For the entries below, report every line that includes the word "induction".

(RECORDS SUPPLIED Opens)

Definition pos_pair (a b : T -> R) : \bar R :=
  (\int[mu]_(x in Om) (pos (a x * b x))%:E)%E.

Definition sup_pos_part (y psi : T -> R) : \bar R :=
  ereal_sup [set (pos (y x - psi x))%:E | x in Om].

Definition Uad (ua ub : T -> R) (u : T -> R) : Prop :=
  measurable_fun Om u /\
  (exists M : R, {ae mu, forall x, Om x -> `|u x| <= M}) /\
  {ae mu, forall x, Om x -> ua x <= u x <= ub x}.

Definition fobj (S : (T -> R) -> (T -> R)) (yd : T -> R) (alpha : R)
  (u : T -> R) : \bar R :=
  ((2^-1)%:E * sqL2 (fun x => (S u x - yd x)%R) + (alpha / 2)%:E * sqL2 u)%E.

Definition mubar (m : T -> R) (rho : R) (y psi : T -> R) : T -> R :=
  fun x => pos (m x + rho * (y x - psi x)).

Definition fAL (S : (T -> R) -> (T -> R)) (yd psi : T -> R) (alpha : R)
  (m : T -> R) (rho : R) (u : T -> R) : \bar R :=
  (fobj S yd alpha u + ((2 * rho)^-1)%:E * sqL2 (mubar m rho (S u) psi))%E.

Definition Rres (y psi mb : T -> R) : \bar R :=
  (sup_pos_part y psi + pos_pair mb (fun x => (psi x - y x)%R))%E.

End AL.

(** Fix a feasible control [v] of (P).  Comparing the global minimizer [u_k]
    of the augmented Lagrangian with [v], and using that
    [(mu_k + rho_k (S v - psi))_+ <= mu_k] because [S v <= psi], gives
    [rho_k^-1 ||mubar_k||^2 <= 2 f(v) + rho_k^-1 ||mu_k||^2].  Hence
    [Y_k := rho_k^-1 ||mu_k||^2] grows by at most [2 f(v)] per step; from the
    last successful step [K] on, [mu_k] is frozen while [rho_k] increases, so
    [Y_k] no longer grows and stays below [Y_0 + 2 K f(v)]. *)
From mathcomp Require Import all_boot all_order all_algebra.
From mathcomp Require Import all_classical all_reals all_analysis.
From mathcomp Require Import measurable_realfun lra.
Import Order.TTheory GRing.Theory Num.Theory.
Local Open Scope classical_set_scope.
Local Open Scope ring_scope.

Lemma eventually_nonincreasing_bounded (R : realDomainType)
    (Y : nat -> \bar R) (c : R) (K : nat) :
  0 <= c -> (forall k, (Y k.+1 <= c%:E + Y k)%E) ->
  (forall k, (K <= k)%N -> (Y k.+1 <= Y k)%E) ->
  forall k, (Y k <= Y 0%N + (K%:R * c)%:E)%E.
Proof.
move=> c0 Yinc Ydec.
have Ymin k : (Y k <= Y 0%N + ((minn k K)%:R * c)%:E)%E.
  elim: k => [|k IHk]; first by rewrite min0n mul0r addr0.
  have [kK|Kk] := ltnP k K.
    rewrite (minn_idPl kK); rewrite (minn_idPl (ltnW kK)) in IHk.
    apply: le_trans (Yinc k) _; apply: le_trans (leeD2l _ IHk) _.
    by rewrite addeCA -EFinD -natr1 mulrDl mul1r (addrC c).
  apply: le_trans (Ydec _ Kk) _; apply: le_trans IHk _.
  by rewrite !(minn_idPr _) ?(leq_trans Kk).
move=> k; apply: le_trans (Ymin k) _; rewrite leeD2l // lee_fin.
by rewrite ler_wpM2r // ler_nat geq_minr.
Qed.

Section SquaredL2Norm.
Context {R : realType} {d : measure_display} {T : measurableType d}.
Context (mu : {measure set T -> \bar R}) {D : set T}.
Hypothesis mD : measurable D.

Lemma sqL2_ge0 (f : T -> R) : (0 <= sqL2 mu D f)%E.
Proof. by apply: integral_ge0 => x _; rewrite lee_fin sqr_ge0. Qed.

Lemma measurable_EFin_sqr (f : T -> R) :
  measurable_fun D f -> measurable_fun D (fun x => (f x ^+ 2)%:E).
Proof. by move=> mf; apply/measurable_EFinP; exact: measurable_funX. Qed.
Section FactorsOfCapable.
Variables (I : Type) (G : I -> Group).
Hypothesis exp_ab_exists : forall i, exists n, exp_ab (G i) n.
Hypothesis exp_ab_coprime : forall i j, i <> j -> forall m n,
  exp_ab (G i) m -> exp_ab (G j) n -> Nat.gcd m n = 1.
Variables (k : nat) (E : Group) (psi : E -> RestrictedProduct G).
Hypothesis psi_hom : is_hom psi.
Hypothesis psi_surj : forall g, exists e, psi e = g.
Hypothesis psi_ker : forall e, psi e = gone <-> zeta E (S k) e.

Local Notation pi := (upper_quotient_map E k).

Definition coord (e : E) (j : I) : G j := proj1_sig (psi e) j.

Lemma coordM x y j : coord (gmul x y) j = gmul (coord x j) (coord y j).
Proof. unfold coord; rewrite psi_hom; reflexivity. Qed.

Lemma coordV x j : coord (ginv x) j = ginv (coord x j).
Proof. unfold coord; rewrite (homV _ _ _ psi_hom); reflexivity. Qed.

Lemma coord1 j : coord gone j = gone.
Proof. unfold coord; rewrite (hom1 _ _ _ psi_hom); reflexivity. Qed.

Lemma coord_comm x y j : coord (comm x y) j = comm (coord x j) (coord y j).
Proof. unfold comm; rewrite !coordM, !coordV; reflexivity. Qed.

Definition supported_at (l : I) (e : E) : Prop := forall j, l <> j -> coord e j = gone.

Lemma supported_at1 l : supported_at l gone.
Proof. intros j _; apply coord1. Qed.

Lemma supported_atM l x y : supported_at l x -> supported_at l y -> supported_at l (gmul x y).
Proof. intros Hx Hy j lj; rewrite coordM, Hx, Hy by exact lj; apply gmul1. Qed.

Lemma supported_atV l x : supported_at l x -> supported_at l (ginv x).
Proof. intros Hx j lj; rewrite coordV, Hx by exact lj; apply ginv1. Qed.

Lemma supported_lift l g : exists e, psi e = single l g /\ supported_at l e.
Proof.
  destruct (psi_surj (single l g)) as [e He]; exists e; split; [exact He|].
  intros j lj; unfold coord; rewrite He; apply single_off, lj.
Qed.

Lemma psi_supported l e : supported_at l e -> psi e = single l (coord e l).
Proof.
  intro Se; apply rp_eq; intro j; destruct (index_eq_dec l j) as [<-|lj].
  - rewrite single_at; reflexivity.
  - rewrite single_off by exact lj; apply Se, lj.
Qed.

Lemma zeta_of_coord_trivial s : (forall j, coord s j = gone) -> zeta E (S k) s.
Proof. intro Hs; apply psi_ker, rp_eq, Hs. Qed.

Lemma zeta_comm_disjoint s t :
  (forall j, coord s j = gone \/ coord t j = gone) -> zeta E (S k) (comm s t).
Proof.
  intro Hst; apply zeta_of_coord_trivial; intro j; rewrite coord_comm.
  destruct (Hst j) as [-> | ->]; group.
Qed.

Lemma lift_derived l h : in_derived (G l) h ->
  exists d, comm_products (supported_at l) d /\ psi d = single l h.
Proof.
  induction 1 as [|a b h _ (d & Ud & Hd)].
  - exists gone; split; [constructor|].
    rewrite (hom1 _ _ _ psi_hom), (hom1 _ _ _ (single_hom _ _ l)); reflexivity.
  - destruct (supported_lift l a) as (u & Hu & Su), (supported_lift l b) as (v & Hv & Sv).
    exists (gmul (comm u v) d); split; [constructor; auto|].
    rewrite psi_hom, (hom_comm _ _ _ psi_hom), Hu, Hv, Hd, (single_hom _ _ l).
    rewrite (hom_comm _ _ _ (single_hom _ _ l)); reflexivity.
Qed.

Lemma quotient_comm_pow_exp_ab l n s t : exp_ab (G l) n -> supported_at l s ->
  (forall s', supported_at l s' -> zeta E (S k) (comm s' t)) ->
  gpow (comm (pi s) (pi t)) n = gone.
Proof.
  intros (_ & pow_derived & _) Ss Ht.
  destruct (lift_derived l _ (pow_derived (coord s l))) as (d & Ud & Hd).
  set (z := gmul (ginv d) (gpow s n)).
  assert (Hz : zeta E (S k) z).
  { apply psi_ker; unfold z.
    rewrite psi_hom, (homV _ _ _ psi_hom), Hd, (hom_pow _ _ _ psi_hom), (psi_supported l s Ss).
    rewrite <- (hom_pow _ _ _ (single_hom _ _ l)); apply gmulV. }
  pose proof (upper_quotient_map_hom E k) as pi_hom.
  apply (comm_pow_eq1_of_pow_derived _ (pi t)
           (fun q => exists s', supported_at l s' /\ q = pi s') _ n (pi d) (pi z)).
  - intros q (s' & Ss' & ->); rewrite <- (hom_comm _ _ _ pi_hom).
    apply upper_quotient_map_central, Ht, Ss'.
  - exists s; auto.
  - apply comm_products_hom; assumption.
  - rewrite <- (hom_comm _ _ _ pi_hom); apply upper_quotient_map_eq1, Hz.
  - rewrite <- (hom_pow _ _ _ pi_hom), <- pi_hom; unfold z; f_equal; group.
Qed.

Lemma zeta_comm_supported_distinct i l a b : i <> l ->
  supported_at i a -> supported_at l b -> zeta E k (comm a b).
Proof.
  intros il Sa Sb.
  destruct (exp_ab_exists i) as [ni Hni], (exp_ab_exists l) as [nl Hnl].
  apply upper_quotient_map_eq1; rewrite (hom_comm _ _ _ (upper_quotient_map_hom E k)).
  apply (gpow_coprime_eq1 _ _ ni nl); [apply Hni|apply (exp_ab_coprime i l); auto| |].
  - apply (quotient_comm_pow_exp_ab i); auto.
    intros s' Ss'; apply zeta_comm_disjoint; intro j.
    destruct (index_eq_dec i j) as [<-|ij]; [right; apply Sb; congruence|left; apply Ss', ij].
  - rewrite <- invg_comm, gpowV, (quotient_comm_pow_exp_ab l); [apply ginv1|auto..].
    intros s' Ss'; apply zeta_comm_disjoint; intro j.
    destruct (index_eq_dec l j) as [<-|lj]; [right; apply Sa; congruence|left; apply Ss', lj].
Qed.

Variable i : I.

Lemma zeta_comm_supported_trivial_at a b :
  supported_at i a -> coord b i = gone -> zeta E k (comm a b).
Proof.
  intro Sa; destruct (proj2_sig (psi b)) as [ls Hls].
  change (forall j, ~ In j ls -> coord b j = gone) in Hls; revert b Hls.
  induction ls as [|j ls IH]; intros b Hls bi.
  - apply zeta_comm_sym; apply (zeta_of_coord_trivial b); intro j; apply Hls; intros [].
  - destruct (index_eq_dec i j) as [<-|ij].
    { apply IH; auto; intros j' Hj'; destruct (index_eq_dec i j') as [<-|ij']; [exact bi|].
      apply Hls; intros [|]; auto. }
    destruct (supported_lift j (coord b j)) as (b1 & Hb1 & Sb1).
    assert (b1_coord : forall j', j <> j' -> coord b1 j' = gone) by exact Sb1.
    set (b' := gmul (ginv b1) b).
    replace b with (gmul b1 b') by (unfold b'; group).
    rewrite commgM; apply zetaM; [|apply zetaJ, (zeta_comm_supported_distinct i j); auto].
    apply IH; [intros j' Hj'|]; unfold b'; rewrite coordM, coordV.
    + destruct (index_eq_dec j j') as [<-|jj'].
      * unfold coord at 1; rewrite Hb1, single_at; apply gmulV.
      * rewrite b1_coord, Hls by (exact jj' || intros [|]; auto); group.
    + rewrite b1_coord, bi by congruence; group.
Qed.

Lemma supported_trivial_decomposition e :
  exists a b, supported_at i a /\ coord b i = gone /\ e = gmul a b.
Proof.
  destruct (psi_surj (gmul (ginv (single i (coord e i))) (psi e))) as [b Hb].
  assert (b_coord : forall j,
            coord b j = gmul (ginv (proj1_sig (single i (coord e i)) j)) (coord e j))
    by (intro j; unfold coord at 1; rewrite Hb; reflexivity).
  exists (gmul e (ginv b)), b; split; [|split].
  - intros j ij; rewrite coordM, coordV, b_coord, single_off by exact ij; group.
  - rewrite b_coord, single_at; apply gmulV.
  - group.
Qed.

Definition factor_preimage : Group :=
  subgroup E (supported_at i) (supported_at1 i) (supported_atM i) (supported_atV i).

Lemma zeta_comm_left_normed_trivial_at m y : left_normed (supported_at i) m y ->
  forall n b, m + n = S k -> coord b i = gone -> zeta E n (comm y b).
Proof.
  induction 1 as [a Sa|m y a Hy IH Sa]; intros n b Hmn bi.
  - replace n with k by lia; apply zeta_comm_supported_trivial_at; assumption.
  - rewrite hall_witt; apply zetaJ, zetaV, zetaM; apply zetaJ.
    + apply (zeta_comm_left_normed E _ m y Hy); replace (n + m) with k by lia.
      apply zeta_comm_supported_trivial_at; [apply supported_atV, Sa|].
      rewrite coordV, bi; apply ginv1.
    + assert (Hby : zeta E (S n) (comm b (ginv y))).
      { rewrite commgV; apply zetaJ, zetaV, zeta_comm_sym, IH; [lia|exact bi]. }
      apply Hby.
Qed.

(RECORDS SUPPLIED Closes)

◆ **THE ANSWER**
  induction 1 as [|a b h _ (d & Ud & Hd)].
  induction ls as [|j ls IH]; intros b Hls bi.
  induction 1 as [a Sa|m y a Hy IH Sa]; intros n b Hmn bi.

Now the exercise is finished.